Court decisions show variety of areas influenced by EU law

The Opinion of Advocate General Bot indicating a failure by Ireland to comply with the EU Working Time Directive in respect of doctors’ hours issued on March 19th has understandably garnered significant attention in Ireland. However, the European Courts and the Commission have in recent weeks issued a number of interesting decisions illustrating the variety of areas influenced by EU law.

Two recent decisions illustrate the influence of the EU institutions on financial markets in EU Member States. In Lafonta v Autorité des Marchés Financiers the Court of Justice was asked to consider how precise information in respect of publicly listed companies must be before it is required to be made available to the public pursuant to the EU Directive on Insider Dealing and Market Manipulation. In its decision of March 11th the Court of Justice held that in order for such information to be required to be made public it need not be possible to determine whether the effect of its publication would be to make the value of shares in the company go up or down. Rather, it is sufficient that its publication would be likely to result in a change in the price of the shares in either direction.

On March 9th, in Deutsche Börse v Commission, the General Court upheld the European Commission’s decision of February 1st, 2012 prohibiting, under EU merger control rules, a proposed merger between Deutsche Börse and NYSE Euronext which would have created the world’s largest financial exchange operator.

Leaving the financial markets, in February the European Commission rejected a complaint about an alleged refusal to supply Irish whiskey. The complainant, who marketed Irish whiskey procured from Cooley Distillery under the “Wild Geese” brands, found that, subsequent to the acquisition of Cooley by Jim Beam (which was in turn acquired by Suntory), it could no longer obtain supply of whiskey from Cooley. Irish Distillers Limited and the Old Bushmills Distillery Co Limited also refused to supply the complainant. The complaint alleged that the three companies were controlling the market for the supply of Irish whiskey and had potentially entered into an agreement or concerted practice not to supply the complainant with whiskey. The Commission took the view that, as each of the three companies seemed to have legitimate business reasons for refusing to supply the complainant, the complaint should be rejected.

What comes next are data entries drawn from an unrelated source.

Lemma sum_inC_normS x : inC x -> \sum_(b | inC b) S b x * (S b x)^* = 2^-1.
Proof.
move=> hx; rewrite big_mkcond /=.
transitivity (\sum_b 2^-1 * (S b x * (S b x)^* * (1 + chi b psi))).
  apply: eq_bigr => b _; have [hb|hb] := boolP (inC b).
    by rewrite chi_psi_inC //; field.
  by rewrite chi_psi_notinC // subrr !mulr0.
rewrite -mulr_sumr; under eq_bigr => b _ do rewrite mulrDr mulr1.
rewrite big_split /= S_unitary_col eqxx.
have -> : \sum_b S b x * (S b x)^* * chi b psi = (N x psi x)%:R.
  by rewrite verlinde; apply: eq_bigr => b _; rewrite /chi (SC x b); ring.
by rewrite fusionC fusion_psi_diag // addr0 mulr1.
Qed.

Lemma qdim_eq1 x : inC x -> (forall b, inC b -> chi x b * (chi x b)^* = qdim b ^+ 2) ->
  qdim x = 1.
Proof.
move=> hx chi_normsq.
have : qdim x ^+ 2 * 2^-1 = 1 * 2^-1.
  rewrite mul1r -[in RHS](sum_inC_normS hx) -sum_inC_S1_sqr mulr_sumr.
  apply: eq_bigr => b hb.
  have SbxE : S b x = chi x b * S one x by rewrite mulfVK ?S1_neq0.
  rewrite SbxE rmorphM /= conj_S1 [RHS]mulrACA chi_normsq // /Defs.qdim.
  by field; rewrite S1_neq0.
move/(mulIf (invr_neq0 two_neq0))/eqP.
by rewrite sqrp_eq1 ?ltW ?qdim_gt0 // => /eqP.
Qed.

End SuperModular.

End FusionSubcategory.

End ModularData.

Theorem mainTheorem2 (K : numClosedFieldType) (L : finType) (one : L)
  (dual : L -> L) (N : L -> L -> L -> nat) (S : L -> L -> K) (theta : L -> K)
  (inC : pred L) (psi : L) (phase : L -> K) :
  super_modular_with_min_ext one dual N S theta inC psi ->
  (forall a, inC a -> `|phase a| = 1) ->
  (forall a b c, inC a -> inC b -> inC c -> N a b c <> 0%N ->
     phase a * phase b = phase c) ->
  exists x : L,
    (forall a, inC a -> phase a = monodromy one S a x) /\
    (phase psi = 1 -> abelian_anyon one dual N inC x).
Proof.
move=> SM phase_norm phase_mul; have [UMD [HC _]] := SM.
have [x chixE] := phase_qdim_chi UMD HC phase_norm phase_mul.
exists x; split; first by move=> a ha; exact (phase_monodromy UMD chixE ha).
move=> phase_psi1.
have xC : inC x.
  rewrite (inC_chi_psi UMD SM) chixE ?(psi_inC SM) // /phase_qdim (psi_inC SM).
  by rewrite phase_psi1 rmorph1 mul1r (qdim_psi UMD SM).
split=> //; apply: (fusion_dual_of_qdim1 UMD); apply: (qdim_eq1 UMD SM xC) => b hb.
by rewrite chixE // (phase_qdim_normsq UMD phase_norm).
Qed.
Lemma delete_digit_lt m a : t <= m -> a < k ^ m.+1 -> delete_digit k t a < k ^ m.
Proof.
move=> tm am.
have ekm : k ^ m.+1 = k ^ t.+1 * k ^ (m - t) by rewrite -expnD addSn subnKC.
have q : a %/ k ^ t.+1 < k ^ (m - t) by rewrite ltn_divLR ?expn_gt0 ?k0 // mulnC -ekm.
have : (a %/ k ^ t.+1).+1 * k ^ t <= k ^ (m - t) * k ^ t by rewrite leq_mul2r q orbT.
have := ltn_pmod a K0.
by rewrite /delete_digit -(subnKC tm) expnD; nia.
Qed.

Lemma digits_delete_digit a : digits k t (delete_digit k t a) = digits k t a.
Proof. by rewrite -digits_modexp delete_digit_modexp digits_modexp. Qed.

End DigitSurgery.

Lemma map_val_pmap_insub N (s : seq nat) : all (gtn N) s ->
  map val (pmap (insub : nat -> option 'I_N) s) = s.
Proof. by elim: s => [|x s IH] //= /andP[hx hs]; rewrite insubT /= IH. Qed.

(* Stage [t] of the consecutive-tuple strategy fires, for [u = 0, 1, ...], the
   batch [[pred a | delete_digit k t a == u]]: [k] chips sitting together on
   vertex [digits k t u], consecutive in label order there, and distinguished by
   their [t]-th digit.  [stage_config k l t u] is the configuration once the
   first [u] batches of stage [t] are fired. *)
Definition stage_config k l t u : config k l :=
  fun a => if delete_digit k t a < u then digits k t.+1 a else digits k t a.
Arguments stage_config : clear implicits.

Lemma stage_config_step k l t u : 0 < k -> t < l -> u < k ^ l.-1 ->
  fire_step (stage_config k l t u) (stage_config k l t u.+1).
Proof.
move=> k0 tl ul.
have el : k ^ l = k ^ l.-1.+1 by rewrite prednK //; lia.
pose s := pmap (insub : nat -> option 'I_(k ^ l)) [seq insert_digit k t d u | d <- iota 0 k].
have val_s : map val s = [seq insert_digit k t d u | d <- iota 0 k].
  apply: map_val_pmap_insub; apply/allP => x /mapP[d]; rewrite mem_iota /= => dk ->.
  by rewrite el insert_digit_lt //; lia.
have mem_s (j : 'I_(k ^ l)) : (j \in s) = (delete_digit k t j == u).
  rewrite -(mem_map val_inj) val_s; apply/mapP/eqP => [[d]|<-].
    by rewrite mem_iota => /andP[_ dk] ->; rewrite delete_insert_digit.
  by exists ((j %/ k ^ t) %% k); rewrite ?mem_iota ?ltn_mod ?insert_delete_digit.
have index_s (j : 'I_(k ^ l)) : j \in s -> index j s = (j %/ k ^ t) %% k.
  rewrite mem_s => /eqP dj; rewrite -(index_map val_inj) val_s.
  have -> : val j = insert_digit k t ((j %/ k ^ t) %% k) u by rewrite -dj insert_delete_digit.
  rewrite (index_map (incn_inj (insert_digit_leq2r t k0 u))).
  have dk : (j %/ k ^ t) %% k < k by rewrite ltn_mod.
  by rewrite -{1}[_ %% k](nth_iota 0 0 dk) index_uniq ?size_iota ?iota_uniq.
have at_u (j : 'I_(k ^ l)) : j \in s -> digits k t j = digits k t u.
  by rewrite mem_s => /eqP <-; rewrite digits_delete_digit.
exists (digits k t u), s; split.
- by rewrite -(size_map val) val_s size_map size_iota.
- rewrite val_s (homo_sorted (f := insert_digit k t ^~ u) (e := ltn)) ?iota_ltn_sorted //.
  by move=> d e /=; rewrite (leqW_mono (insert_digit_leq2r t k0 u)).
- apply/allP => j js; rewrite /stage_config at_u //.
  by move: js; rewrite mem_s => /eqP ->; rewrite ltnn.
- move=> j; rewrite /stage_config ltnS leq_eqVlt -mem_s; case js: (j \in s) => //=.
  by rewrite digits_rcons index_s // at_u.
Qed.

Lemma stage_config_reach k l t u : 0 < k -> t < l -> u <= k ^ l.-1 ->
  clos_refl_trans (config k l) (@fire_step k l) (stage_config k l t 0) (stage_config k l t u).
Proof.
move=> k0 tl; elim: u => [|u IH] hu; first exact: rt_refl.
apply: rt_trans (IH (ltnW hu)) (rt_step _ _ _ _ _).
exact: stage_config_step.
Qed.

Lemma reachable_digits k l t : 0 < k -> t <= l -> reachable (fun a : 'I_(k ^ l) => digits k t a).
Proof.
move=> k0; elim: t => [|t IH] tl.
  have -> : (fun a : 'I_(k ^ l) => digits k 0 a) = @init_config k l by [].
  exact: rt_refl.
have stage_start : stage_config k l t 0 = (fun a => digits k t a).
  by apply: functional_extensionality => a.
have stage_end : stage_config k l t (k ^ l.-1) = (fun a => digits k t.+1 a).
  apply: functional_extensionality => a; rewrite /stage_config delete_digit_lt //; first by lia.
  by rewrite prednK ?ltn_ord //; lia.
apply: rt_trans (IH (ltnW tl)) _; rewrite -stage_start -stage_end.
exact: stage_config_reach.
Qed.

(** * An invariant of firing *)

Lemma prefix_rconsr (x w : vertex) j :
  prefix x (rcons w j) = prefix x w || (x == rcons w j).
Proof. by elim: w x => [|b w IH] [|a x] //=; rewrite IH eqseq_cons andb_orr. Qed.

Lemma prefix_rcons_self (w : vertex) i : prefix (rcons w i) w = false.
Proof. by apply/negbTE/negP => /size_prefix; rewrite size_rcons ltnn. Qed.

Lemma count_predU_disjoint T (X Y : pred T) s : (forall a, ~~ (X a && Y a)) ->
  count (fun a => X a || Y a) s = count X s + count Y s.
Proof.
move=> h; rewrite -count_predUI (eq_count (a1 := predI X Y) (a2 := pred0)) ?count_pred0 ?addn0 //.
by move=> a /=; apply/negbTE.
Qed.

Lemma count_enum_eq N (b : bool) (e : 'I_N) (P : pred 'I_N) :
  count (fun a => b && (a == e) && P a) (enum 'I_N) = b && P e.
Proof.
case: b => /=; last by rewrite (eq_count (a2 := pred0)) ?count_pred0.
case Pe: (P e).
  rewrite (eq_count (a2 := pred1 e)) ?count_uniq_mem ?enum_uniq ?mem_enum //.
  by move=> a /=; case: eqP => // ->.
by rewrite (eq_count (a2 := pred0)) ?count_pred0 // => a /=; case: eqP => // ->.
Qed.

Definition subtree_count k l (c : config k l) (w : vertex) (P : pred 'I_(k ^ l)) :=
  count (fun a => prefix w (c a) && P a) (enum 'I_(k ^ l)).

Lemma subtree_count_fire k l (c c' : config k l) w s a0 :
  size s = k -> sorted ltn (map val s) -> all (fun i => c i == w) s ->
  (forall j, c' j = if j \in s then rcons w (index j s) else c j) ->
  forall v i P, subtree_count c' (rcons v i) P =
     subtree_count c (rcons v i) P + ((v == w) && (i < k) && P (nth a0 s i)).
Proof.
move=> ss so al hc' v i P.
have us : uniq s by rewrite -(map_inj_uniq val_inj); apply: (sorted_uniq ltn_trans ltnn).
rewrite /subtree_count -count_enum_eq -count_predU_disjoint; last first.
  move=> a; case vw: (v == w); case ik: (i < k); rewrite /= ?andbF //.
  case: eqP => [->|_]; rewrite ?andbF //.
  by move/eqP: vw => ->; rewrite (eqP (allP al _ (mem_nth a0 _))) ?ss // prefix_rcons_self.
apply: eq_count => a /=; rewrite hc'; case: ifP => ha.
  have /eqP ca := allP al a ha.
  have key : (i == index a s) = (i < k) && (a == nth a0 s i).
    apply/eqP/andP => [->|[ik /eqP ->]]; last by rewrite index_uniq // ss.
    by split; [move: (index_mem a s); rewrite ss ha | apply/eqP/esym/nth_index].
  rewrite prefix_rconsr eqseq_rcons ca andb_orl key.
  by case: (v == w); rewrite /= ?andbA.
case: (v == w) => /=; last by rewrite orbF.
case ik: (i < k) => /=; last by rewrite orbF.
have -> : (a == nth a0 s i) = false by apply/negbTE/eqP => e; move: ha; rewrite e mem_nth // ss.
by rewrite /= orbF.
Qed.

Record firing_invariant k l (c : config k l) : Prop := FiringInvariant {
  chips_in_tree : forall a, all (fun d => d < k) (c a);
  siblings_balanced : forall v i, i < k ->
    subtree_count c (rcons v i) xpredT = subtree_count c (rcons v 0) xpredT;
  siblings_dominated : forall v i j x, i < j -> j < k ->
    subtree_count c (rcons v j) (fun a => val a <= x) <=
    subtree_count c (rcons v i) (fun a => val a < x) }.

Lemma firing_invariant_init k l : firing_invariant (@init_config k l).
Proof.
have h v i P : subtree_count (@init_config k l) (rcons v i) P = 0.
  by rewrite /subtree_count (eq_count (a2 := pred0)) ?count_pred0 // => a; case: v.
by split=> // [v i _|v i j x _ _]; rewrite !h.
Qed.

(* Firing adds one chip to the subtree of each child, and sends larger labels
   to the right; this preserves both balance and domination. *)
Lemma firing_invariant_step k l (c c' : config k l) : 0 < k ->
  fire_step c c' -> firing_invariant c -> firing_invariant c'.
Proof.
move=> k0 [w [s [ss so al hc']]] [in_tree balanced dominated].
have k0l : 0 < k ^ l by rewrite expn_gt0 k0.
pose a0 : 'I_(k ^ l) := Ordinal k0l.
have hf := subtree_count_fire a0 ss so al hc'.
split.
- move=> a; rewrite hc'; case: ifP => ha; last exact: in_tree.
  rewrite all_rcons; have /eqP <- := allP al a ha; rewrite in_tree andbT.
  by move: (index_mem a s); rewrite ss ha.
- by move=> v i ik; rewrite !hf balanced // ik k0.
- move=> v i j x ij jk; rewrite !hf (ltn_trans ij jk) jk /=.
  apply: leq_add; first exact: dominated.
  case: (v == w) => //=.
  have hij : val (nth a0 s i) < val (nth a0 s j).
    have := sorted_ltn_nth ltn_trans (val a0) so.
    rewrite size_map ss -!(nth_map a0 (val a0)) ?ss ?(ltn_trans ij jk) //; apply => //.
    by rewrite inE (ltn_trans ij jk).
  by case: (leqP (val (nth a0 s j)) x) => //= h; rewrite (leq_trans hij h).
Qed.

In Joined Cases, Commission v France and Commission v Luxembourg, the Court of Justice found that both France and Luxembourg had breached EU VAT Directives by applying a reduced level of VAT to electronic books. Whereas such reduced rates are permissible in respect of conventional printed books, the Court concluded that the relevant exemption in the VAT Directives permitting such reductions is not applicable to electronic books.

Finally, in her Opinion in K v A, also on March 19th, Advocate General Kokott concluded that the EU Family Reunification Directive permits EU Member States to make the right of a non-EU national spouse to join his or her family in that State subject to the spouse passing an examination testing his or her knowledge of that country and of its language. However, the Advocate General indicated that such a system of testing must make allowances for the state of health, cognitive abilities and level of education of the individual and the availability of preparatory materials for the examination. The Advocate General further indicated that the fees for taking such an examination should not be set at such a level as to prevent the spouse from joining his or her family.

This article by Joanne Finn and Donogh Hardiman, members of the Irish Society for European Law, was published in the Irish Times on Monday, 20 April, 2015.